# Dendrobium White Rabbit X Ise



## toddybear (Feb 9, 2012)

I have a few nobile dendrobiums and this is the only one that flowers, yet all are growing side-by-side!


----------



## Erythrone (Feb 9, 2012)

Nice!


----------



## nikv (Feb 9, 2012)

Nice! Probably due to the Ise parent, which is reportedly much easier to flower than other nobile-type Dendrobiums.


----------



## Lanmark (Feb 9, 2012)

Stunning! :drool:


----------



## SlipperFan (Feb 9, 2012)

Lovely!


----------



## Paph_LdyMacBeth (Feb 9, 2012)

Great job!!
I had one of these...had...


----------



## Yoyo_Jo (Feb 9, 2012)

Oh, that is so pretty!

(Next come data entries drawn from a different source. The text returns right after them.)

Lemma hessian_bound_pos s0 a0 a1 : 0 < s0 -> 0 < a0 -> 0 < a1 -> 0 < hessian_bound s0 a0 a1.
Proof.
  intros. eapply Rlt_le_trans; [|apply (fit_term_bound_le_hessian_bound _ _ _ [Ds; Ds]); cbn; auto].
  unfold fit_term_bound. pose proof (shape_bound_nonneg s0 a0 a1 (shape_of [Ds; Ds] [0; 1])).
  pose proof (shape_bound_nonneg s0 a0 a1 (shape_of [Ds; Ds] [1])). lra.
Qed.

Section DataFit.

Variables (d : nat) (s0 s1 a0 a1 : R) (g u : list Z -> C).
Hypotheses (Hs0 : 0 < s0) (Ha0 : 0 < a0) (Ha01 : a0 < a1).
Hypotheses (Hg : l2summable d g) (Hu : l2summable d u).

Lemma weight_bounded : exists M, forall N, boxsum d N (weight g u) <= M.
Proof.
  destruct Hg as [Mg HMg], Hu as [Mu HMu]. exists (Mg + Mu). intros N.
  unfold weight. rewrite boxsum_plus. specialize (HMg N). specialize (HMu N). lra.
Qed.

Lemma Rabs_fit_term_le_weight k w s a : s0 <= s -> a0 <= a <= a1 -> forall B,
  fit_term_bound s0 a0 a1 w <= B -> Rabs (fit_term g u k w s a) <= B * weight g u k.
Proof.
  intros Hs Ha B HB. eapply Rle_trans; [apply (Rabs_fit_term_le s0 a0 a1); auto|].
  apply Rmult_le_compat_r; [apply weight_nonneg|exact HB].
Qed.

I love the purple edging. :smitten:


----------



## JeanLux (Feb 10, 2012)

Nice blooms, cool pic :clap: !!!! Jean


----------



## NYEric (Feb 10, 2012)

The others sound like Slippertalk auction candidates!


----------



## biothanasis (Feb 10, 2012)

Wonderful!!!!! I have a similar one in bud... (noid though)


----------



## Lycaste53 (Feb 10, 2012)

Very nice, 
best regards, Gina


----------